Update LibreChat from 0.8.3 or earlier to 0.8.4 or later. If running a self-hosted instance, pull the latest release from the LibreChat repository and restart the service. If using a managed SaaS deployment, check with your provider for the rollout timeline. No rollback or additional configuration steps are documented as necessary. After patching, verify that the deletion endpoint now respects agent boundaries and ownership rules.

Detection guidance

Monitor `/api/files` DELETE requests in application logs, particularly those from shared-agent contexts. Flag any DELETE operations on files that are also referenced by other agents or users. Check for patterns of rapid file deletion from shared agents. Audit file reference tables for orphaned `file_id` values that no longer resolve in the file store — these indicate successful attacks. Review agent edit-access logs to identify which users hold editing privileges on shared agents and could pose insider risk. Consider implementing file deletion audits that cross-reference the agent context and file ownership before confirming success.

Why prioritize this

This vulnerability combines high business impact with low barriers to exploitation. Any authenticated user with shared-agent editing rights — a common role in team environments — can cause data loss affecting other users' private workflows. The silent nature of the breakage (stale file references don't immediately surface errors) may delay detection and compound damage. While it requires authentication, the scope violation is severe: it violates fundamental assumptions about cross-user isolation. Organizations running LibreChat in production should treat this as high priority for patching.

Risk score, explained

CVSS 3.1 score of 8.1 (HIGH) reflects: high integrity impact (authorized deletion of files), high availability impact (agents become non-functional), low attack complexity (standard DELETE request), low privileges required (any shared-agent editor), no user interaction needed, and unchanged scope (the attack affects only LibreChat, not external systems). The score would be 9.0+ if the attack were unauthenticated or required no privileges; it is tempered by the need for legitimate editing access, but the scope violation and data destruction justify the HIGH rating.

Frequently asked questions

Can a shared-agent editor see or access the owner's private agents?

No. A shared-agent editor has access only to the shared agent itself. However, they can delete files globally, which breaks private agents that reference those same files indirectly through orphaned file IDs.

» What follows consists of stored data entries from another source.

(* Let $k,n,r\ge0$ and $i\in\mathbb Z$. The groups $\mathcal D(\underline{\mathbb Z/2})(\Sigma^iH,Y)$ for $Y$ one of the complexes below are as follows, and are zero in all cases not listed: (a) $\mathcal D(\Sigma^iH,A_k)=\mathbb Z/2$ if $0\le i\le k$; (b) $\mathcal D(\Sigma^iH,H(n))=\mathbb Z/2$ if $-n\le i\le 0$; (c) $\mathcal D(\Sigma^iH,H(-1))=0$ for all $i$; (d) for $n\geq2$, $\mathcal D(\Sigma^iH,H(-n))=\mathbb Z/2$ if $0\le i\le n-2$; (e) $\mathcal D(\Sigma^iH,B_r)=\mathbb Z/2$ if $-(r+2)\le i\le-2$.
   Context: A $\underline{\mathbb Z/2}$-module is a pair of $\mathbb F_2$-vector spaces $M_\Theta,M_\bullet$ with maps $t\colon M_\Theta\to M_\Theta$, $p^*\colon M_\bullet\to M_\Theta$, $p_*\colon M_\Theta\to M_\bullet$ with $tp^*=p^*$, $p_*t=p_*$, $t^2=1$, $p^*p_*=1+t$, $p_*p^*=0$. $H$: both spaces $\mathbb F_2$, $t=p^*=\mathrm{id}$, $p_*=0$. $F$: $F_\Theta=\mathbb F_2^2$, $t$ the swap, $F_\bullet=\mathbb F_2$, $p_*(x,y)=x+y$, $p^*(z)=(z,z)$. $p\colon F\to H$, $p\colon H\to F$ the unique nonzero maps, $u=1+t$. Homological grading, $(\Sigma C)_i=C_{i-1}$. $A_k$: $F$ in degrees $k,\dots,0$, differentials $u$. $H(0)=H$ in degree $0$; for $n>0$, $H(-n)$: $H$ in degree $n$, $F$ in degrees $n-1,\dots,0$, differentials $p,u,\dots,u$; $H(n)$: $F$ in degrees $0,\dots,-(n-1)$, $H$ in degree $-n$, differentials $u,\dots,u,p$. $B_r$: $H$ in degree $0$, $F$ in degrees $-1,\dots,-(r+1)$, $H$ in degree $-(r+2)$, differentials $p,u,\dots,u,p$. $\mathcal D(X,Y)$ denotes morphisms in the derived category $\mathcal D(\underline{\mathbb Z/2})$ of chain complexes of $\underline{\mathbb Z/2}$-modules. *)

From mathcomp Require Import all_boot all_algebra.
From mathcomp Require Import zify.
Set Implicit Arguments. Unset Strict Implicit. Unset Printing Implicit Defensive.
Import GRing.Theory.
Local Open Scope ring_scope.

Definition flin (U V : lmodType 'F_2) (f : U -> V) : Prop :=
  forall (a : 'F_2) (x y : U), f (a *: x + y) = a *: f x + f y.

(* A Z/2-module (Z/2-Mackey functor): M_Theta, M_bullet, t, p^*, p_* *)
Record z2mod := Z2Mod {
  MT : lmodType 'F_2;
  MB : lmodType 'F_2;
  tr : MT -> MT;
  res : MB -> MT;
  tra : MT -> MB;
  tr_lin : flin tr; res_lin : flin res; tra_lin : flin tra;
  tr_res : forall x, tr (res x) = res x;
  tra_tr : forall x, tra (tr x) = tra x;
  tr_tr : forall x, tr (tr x) = x;
  res_tra : forall x, res (tra x) = x + tr x;
  tra_res : forall x, tra (res x) = 0 }.

Record mhom (M N : z2mod) := MHom {
  hT : MT M -> MT N;
  hB : MB M -> MB N;
  hT_lin : flin hT; hB_lin : flin hB;
  hT_tr : forall x, hT (tr x) = tr (hT x);
  hT_res : forall x, hT (res x) = res (hB x);
  hB_tra : forall x, hB (tra x) = tra (hT x) }.

Definition heq M N (f g : mhom M N) : Prop :=
  (forall x, hT f x = hT g x) /\ (forall x, hB f x = hB g x).

Lemma flin0 (U V : lmodType 'F_2) (f : U -> V) : flin f -> f 0 = 0.
Proof.
move=> lf; have := lf 1 0 0; rewrite scaler0 addr0 scale1r => e.
by apply: (addrI (f 0)); rewrite addr0 -e.
Qed.

Lemma flin_comp (U V W : lmodType 'F_2) (f : U -> V) (g : V -> W) :
  flin f -> flin g -> flin (fun x => g (f x)).
Proof. by move=> lf lg a x y; rewrite lf lg. Qed.

Lemma flin_zero (U V : lmodType 'F_2) : flin (fun _ : U => (0 : V)).
Proof. by move=> a x y; rewrite scaler0 addr0. Qed.

Definition mcomp M N P (g : mhom N P) (f : mhom M N) : mhom M P.
Proof.
refine (@MHom M P (fun x => hT g (hT f x)) (fun x => hB g (hB f x))
  (flin_comp (hT_lin f) (hT_lin g)) (flin_comp (hB_lin f) (hB_lin g)) _ _ _).
- by move=> x; rewrite hT_tr hT_tr.
- by move=> x; rewrite hT_res hT_res.
- by move=> x; rewrite hB_tra hB_tra.
Defined.

Definition mzero M N : mhom M N.
Proof.
refine (@MHom M N (fun _ => 0) (fun _ => 0) (@flin_zero _ _) (@flin_zero _ _) _ _ _).
- by move=> _; rewrite (flin0 (@tr_lin N)).
- by move=> _; rewrite (flin0 (@res_lin N)).
- by move=> _; rewrite (flin0 (@tra_lin N)).
Defined.

(* Chain complexes, homological grading: dif n : C_(n+1) -> C_n *)
Record cx := Cx {
  obj : int -> z2mod;
  dif : forall n : int, mhom (obj (n + 1)) (obj n);
  dif_dif : forall n : int, heq (mcomp (dif n) (dif (n + 1))) (mzero _ _) }.

Record cmap (X Y : cx) := CMap {
  cm : forall n : int, mhom (obj X n) (obj Y n);
  cm_comm : forall n : int,
    heq (mcomp (cm n) (dif X n)) (mcomp (dif Y n) (cm (n + 1))) }.

Definition cmcomp (X Y Z : cx) (g : cmap Y Z) (f : cmap X Y) : cmap X Z.
Proof.
refine (@CMap X Z (fun n => mcomp (cm g n) (cm f n)) _).
move=> n; have [fT fB] := cm_comm f n; have [gT gB] := cm_comm g n.
split=> x /=.
- by move: (fT x) (gT (hT (cm f (n + 1)) x)) => /= -> ->.
- by move: (fB x) (gB (hB (cm f (n + 1)) x)) => /= -> ->.
Defined.
(* Strong induction on S d: a row-0 cell d has a larger row-0 count than every
   earlier cell, and any other d is preceded by a higher cell of no larger count. *)
Lemma syt_key_mono c d : S c < S d ->
  lexcode M (row0_count c) (crow c) < lexcode M (row0_count d) (crow d).
Proof.
have [m Sd_m] : exists m, S d = m :> nat by exists (S d).
rewrite Sd_m; elim/ltn_ind: m d Sd_m c => m IHm d Sd_m c lt_cm.
case: (cellP d) => [j|x] d_eq.
  rewrite ltn_lexcode ?crow_lt // (_ : row0_count c < row0_count d) //.
  apply: proper_card; apply/properP; split.
    by apply/subsetP => j'; rewrite !inE => le_j'c; rewrite (leq_trans le_j'c) // Sd_m ltnW.
  by exists j; rewrite !inE -d_eq ?leqnn // -ltnNge Sd_m.
have [e Se_d lt_ed] : exists2 e, (S e).+1 = S d & crow e < crow d.
  by apply: syt_prev_higher; rewrite d_eq crow_tr_cell.
have key_ed : lexcode M (row0_count e) (crow e) < lexcode M (row0_count d) (crow d).
  rewrite ltn_lexcode ?crow_lt // lt_ed andbT orbC -leq_eqVlt.
  by apply: row0_count_mono; rewrite -ltnS Se_d.
case: (ltngtP (S c) (S e)) => [lt_ce|lt_ec|/val_inj/(syt_inj S_syt) -> //].
  by apply: ltn_trans key_ed; apply: IHm (S e) _ _ erefl _ lt_ce; rewrite -Sd_m -Se_d.
by move: lt_cm; rewrite -Sd_m -Se_d ltnS leqNgt lt_ec.
Qed.

End StandardTableau.

Definition ssyt_of_syt (S : {ffun CL -> 'I_N}) : {ffun CB -> 'I_k} :=
  [ffun x => Ordinal (row0_count_pred_lt S x)].

Lemma ssyt_of_syt_val S x : ssyt_of_syt S x = (row0_count S (tr_cell x)).-1 :> nat.
Proof. by rewrite ffunE. Qed.

Definition cell_letter (T : {ffun CB -> 'I_k}) (c : CL) : nat :=
  if [pick x | tr_cell x == c] is Some x then T x else ccol c.

Definition ssyt_key T c := lexcode M (cell_letter T c) (crow c).

Lemma cell_letter_row0 T j : cell_letter T (row0_cell j) = j.
Proof.
rewrite /cell_letter; case: pickP => [x /eqP tr_x|//].
by move: (congr1 (@crow _) tr_x); rewrite crow_tr_cell.
Qed.

Lemma cell_letter_tr T x : cell_letter T (tr_cell x) = T x.
Proof.
by rewrite /cell_letter; case: pickP => [y /eqP/tr_cell_inj -> // | /(_ x)]; rewrite eqxx.
Qed.

Lemma ssyt_key_row0_tr T j x : (ssyt_key T (row0_cell j) < ssyt_key T (tr_cell x)) = (j <= T x).
Proof.
rewrite /ssyt_key ltn_lexcode ?crow_lt // cell_letter_row0 cell_letter_tr.
by rewrite andbT orbC -leq_eqVlt.
Qed.

Lemma rank_ssyt_key_lt T c : rank (ssyt_key T) c < N.
Proof. by rewrite -card_cells_lam rank_lt_card. Qed.

Definition syt_of_ssyt T : {ffun CL -> 'I_N} := [ffun c => Ordinal (rank_ssyt_key_lt T c)].

Lemma syt_of_ssyt_val T c : syt_of_ssyt T c = rank (ssyt_key T) c :> nat.
Proof. by rewrite ffunE. Qed.

Section SemistandardTableau.
Variable T : {ffun CB -> 'I_k}.
Hypothesis T_ssyt : is_ssyt T.

Local Notation key := (ssyt_key T).
Local Notation R := (syt_of_ssyt T).

Lemma ssyt_key_inj : injective key.
Proof.
move=> c d /(lexcode_inj (crow_lt c) (crow_lt d)) [].
case: (cellP c) => [j|x] ->; case: (cellP d) => [j'|y] ->;
  rewrite ?cell_letter_row0 ?cell_letter_tr ?crow_row0_cell ?crow_tr_cell //.
  by move/val_inj ->.
move=> eq_T [eq_s]; congr tr_cell; apply: cell_eq => //.
case: (ltngtP (crow x) (crow y)) => // [lt_xy|lt_yx].
  by have := ssyt_col_lt T_ssyt eq_s lt_xy; rewrite eq_T ltnn.
by have := ssyt_col_lt T_ssyt (esym eq_s) lt_yx; rewrite eq_T ltnn.
Qed.
Lemma walks4_le_of_a4_le n (E F : {set {set 'I_n}}) : is_simple E -> is_simple F ->
  #|E| = #|F| -> (a4 E <= a4 F)%R -> walks4 (adj F) <= walks4 (adj E).
Proof.
move=> simpleE simpleF EF; have := a4_walks4 simpleE; have := a4_walks4 simpleF.
rewrite !vol_adj // EF => hF hE a4EF.
have : ((walks4 (adj F))%:Z <= (walks4 (adj E))%:Z)%R by lia.
by rewrite lez_nat.
Qed.

Lemma eq_simple_graphs n (E F : {set {set 'I_n}}) : is_simple E -> is_simple F ->
  adj E =2 adj F -> E = F.
Proof.
move=> simpleE simpleF EF; apply/setP => e; apply/idP/idP => eG.
  by have [x [y [_ -> axy]]] := edgeP simpleE eG; move: axy; rewrite EF => /andP[].
by have [x [y [_ -> axy]]] := edgeP simpleF eG; move: axy; rewrite -EF => /andP[].
Qed.

(** * The complete bipartite graph K_{2,n-2} *)

Section CompleteBipartite.
Variables (n : nat) (v w : 'I_n).
Hypothesis vw : v != w.

Definition bipartite_K2 : {set {set 'I_n}} :=
  [set [set x; y] | x in [set v; w], y in ~: [set v; w]].

Lemma adj_bipartite_K2 x y :
  adj bipartite_K2 x y = ((x \in [set v; w]) != (y \in [set v; w])).
Proof.
rewrite /adj; apply/idP/idP.
  case/andP => xy /imset2P[a b aS]; rewrite inE => bS /esym/(eq_set2 xy)[[<- <-]|[<- <-]];
  by rewrite aS (negbTE bS).
case: (boolP (x \in _)) => xS; case: (boolP (y \in _)) => yS //= _.
  have xy : x != y by apply: contraTneq xS => ->.
  by rewrite xy; apply/imset2P; exists x y; rewrite // in_setC.
have xy : x != y by apply: contraNneq xS => ->.
by rewrite xy; apply/imset2P; exists y x; rewrite // ?in_setC // setUC.
Qed.

Lemma bipartite_K2_simple : is_simple bipartite_K2.
Proof.
apply/forall_inP => e /imset2P[a b aS]; rewrite inE => bS ->.
by rewrite cards2_neq //; apply: contraTneq aS => ->.
Qed.

Lemma bipartite_K2_dominating u : u \in [set v; w] ->
  forall y, adj bipartite_K2 u y = (y != v) && (y != w).
Proof. by move=> uS y; rewrite adj_bipartite_K2 uS !inE /= negb_or. Qed.

Lemma card_bipartite_K2_side : #|~: [set v; w]| = n - 2.
Proof. by have := cardsC [set v; w]; rewrite card_ord cards2 vw; lia. Qed.

Lemma rdeg_bipartite_K2 u : u \in [set v; w] -> rdeg (adj bipartite_K2) u = n - 2.
Proof.
move=> uS; rewrite rdegE -card_bipartite_K2_side; apply: eq_card => y.
by rewrite !inE bipartite_K2_dominating // negb_or.
Qed.

Lemma vol_bipartite_K2_rest : vol (del_vertex (del_vertex (adj bipartite_K2) v) w) = 0.
Proof.
apply: big1 => x _; apply: big1 => y _; rewrite /del_vertex adj_bipartite_K2 !inE.
by case: (x == v); case: (x == w); case: (y == v); case: (y == w).
Qed.

Lemma vol_bipartite_K2 : vol (adj bipartite_K2) = 4 * (n - 2).
Proof.
rewrite (vol_dominating (@adj_sym n _) (@adj_irr n _) vw) ?vol_bipartite_K2_rest.
  by rewrite !rdeg_bipartite_K2 ?set21 ?set22 //; lia.
exact/bipartite_K2_dominating/set21.
Qed.

Lemma card_bipartite_K2 : #|bipartite_K2| = 2 * n - 4.
Proof. by have := vol_adj bipartite_K2_simple; rewrite vol_bipartite_K2; lia. Qed.

Lemma walks4_bipartite_K2 : 8 * (n - 2) ^ 2 <= walks4 (adj bipartite_K2).
Proof.
have := walks4_dominating_ge (@adj_sym n _) (@adj_irr n _) vw
  (bipartite_K2_dominating (set21 v w)).
by rewrite !rdeg_bipartite_K2 ?set21 ?set22 //; lia.
Qed.

Lemma connected_bipartite_K2 : 3 <= n -> connected_graph bipartite_K2.
Proof.
move=> n_ge3; have symK := @adj_sym n bipartite_K2.
have [u] : exists u, u \in ~: [set v; w].
  by apply/set0Pn; rewrite -card_gt0 card_bipartite_K2_side; lia.
rewrite in_setC => uS.
have to_v x : connect (adj bipartite_K2) x v.
  have [xS|xS] := boolP (x \in [set v; w]).
    case/set2P: xS => ->; first exact: connect0.
    have wu : adj bipartite_K2 w u by rewrite adj_bipartite_K2 set22 (negbTE uS).
    have uv : adj bipartite_K2 u v by rewrite adj_bipartite_K2 set21 (negbTE uS).
    exact: connect_trans (connect1 wu) (connect1 uv).
  by apply: connect1; rewrite adj_bipartite_K2 set21 (negbTE xS).
apply/forallP => x; apply/forallP => y.
by apply: connect_trans (to_v x) _; rewrite (sym_connect_sym symK) to_v.
Qed.

Lemma bipartite_K2_in_Gnm : 3 <= n -> in_Gnm (2 * n - 4) bipartite_K2.
Proof.
move=> n_ge3; rewrite /in_Gnm bipartite_K2_simple connected_bipartite_K2 //.
by rewrite card_bipartite_K2 eqxx.
Qed.

Lemma bipartite_K2_complete : is_complete_bipartite 2 (n - 2) bipartite_K2.
Proof.
exists [set v; w], (~: [set v; w]); split => //.
- by rewrite disjoints_subset setCK.
- exact: setUCr.
- by rewrite cards2 vw.
- exact: card_bipartite_K2_side.
Qed.

End CompleteBipartite.

(** * Vertices of degree n - 2 *)

Lemma rdeg_gt0_connected n (E : {set {set 'I_n}}) u u' :
  connected_graph E -> u != u' -> 0 < rdeg (adj E) u.
Proof.
move=> /forallP/(_ u)/forallP/(_ u')/connectP[[|y p] /= walk_u last_u uu'].
  by rewrite last_u eqxx in uu'.
by case/andP: walk_u => auy _; rewrite /rdeg (bigD1 y) //= auy.
Qed.

Lemma deg_subn2_nonadj n (E : {set {set 'I_n}}) v : 2 <= n -> deg E v = n - 2 ->
  exists2 w, v != w & forall y, adj E v y = (y != v) && (y != w).
Proof.
move=> n_ge2 degv.
have nonnbrs : #|~: [set y | adj E v y]| = 2.
  by have := cardsC [set y | adj E v y]; rewrite card_ord -/(deg E v) degv; lia.
have vN : v \in ~: [set y | adj E v y] by rewrite !inE adj_irr.
have [w wv Nw] := cards2_mem nonnbrs vN; exists w; first by rewrite eq_sym.
by move=> y; move/setP/(_ y): Nw; rewrite !inE -negb_or => <-; rewrite negbK.
Qed.
Lemma csa_policy_margin Lf LgX DX k :
  0 < Lf + LgX -> (1 <= k)%nat ->
  csa_gamma Lf LgX DX k * csa_eta Lf LgX DX k
    - (csa_gamma Lf LgX DX k * (Lf + LgX)) ^ 2 / 2 = 11 / 2 * DX ^ 2 / INR k.
Proof.
  intros HL Hk; unfold csa_gamma, csa_eta.
  assert (Hk0 : 0 < INR k) by (apply lt_0_INR; lia).
  pose proof (sqrt_lt_R0 _ Hk0); set (r := sqrt (INR k)) in *.
  assert (Hr : INR k = r * r) by (symmetry; apply sqrt_sqrt; lra).
  rewrite Hr; field; lra.
Qed.

Lemma csa_h_infeasible g fp gp eta x delta k :
  eta k < g (x k) (delta k) -> csa_h g fp gp eta x delta k = gp (x k) (delta k).
Proof. intro Hk; unfold csa_h; destruct (Rle_dec _ _); [lra | reflexivity]. Qed.

Lemma csa_infeasible_step n X w gw g fp gp Lf LgX DX x delta xstar k :
  convex_set X -> has_gradient_on n X w gw -> strongly_convex1 n X w ->
  0 < DX -> 0 <= Lf -> 0 < Lf + LgX -> (1 <= k)%nat -> X (x k) -> X xstar ->
  is_subgradient n X (fun y => g y (delta k)) (x k) (gp (x k) (delta k)) ->
  vnorm n (gp (x k) (delta k)) <= LgX -> g xstar (delta k) <= 0 ->
  csa_eta Lf LgX DX k < g (x k) (delta k) ->
  is_prox n X w gw (x k)
    (vscale (csa_gamma Lf LgX DX k) (csa_h g fp gp (csa_eta Lf LgX DX) x delta k)) (x (S k)) ->
  11 / 2 * DX ^ 2 / INR k <= bregman n w gw (x k) xstar - bregman n w gw (x (S k)) xstar.
Proof.
  intros HXc Hgrad Hsc HD HLf HL Hk Hxk Hxstar Hsub Hnorm Hgstar Hinf Hprox.
  rewrite csa_h_infeasible in Hprox by exact Hinf.
  pose proof (prox_cut_step n X w gw HXc Hgrad Hsc _ _ _ _ (Lf + LgX) _ _ _ Hxk Hxstar Hsub
    ltac:(lra) (csa_gamma_pos Lf LgX DX k HD HL Hk) Hgstar Hinf Hprox) as Hcut.
  rewrite csa_policy_margin in Hcut by assumption; lra.
Qed.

Does the patch require data recovery or file restoration?

The patch prevents future attacks but does not automatically restore deleted files. If files were deleted before the patch, they are not recoverable through the patch alone. Organizations should restore from backups if available.

What if our LibreChat deployment is air-gapped or internal-only?

Risk is reduced but not eliminated. An insider or compromised internal account with shared-agent editing rights can still exploit the vulnerability. Patching is still strongly recommended.

How do we know if we've been attacked?

Review file deletion audit logs and check for orphaned `file_id` references in agents that should have functional files. Test affected workflows to confirm files are still accessible. If you see file delete operations from shared-agent contexts followed by agent errors, investigate further.

This explainer is provided for informational purposes. No exploit code or weaponized proof-of-concept is included. Verify all patch versions and remediation steps against official LibreChat vendor advisories. This assessment is based on public CVE data and does not constitute legal or compliance advice. Organizations should conduct their own risk assessment and testing before deploying patches to production environments. Source: NVD (public-domain), retrieved 2026-07-07. Analysis generated by SEC.co (claude-haiku-4-5).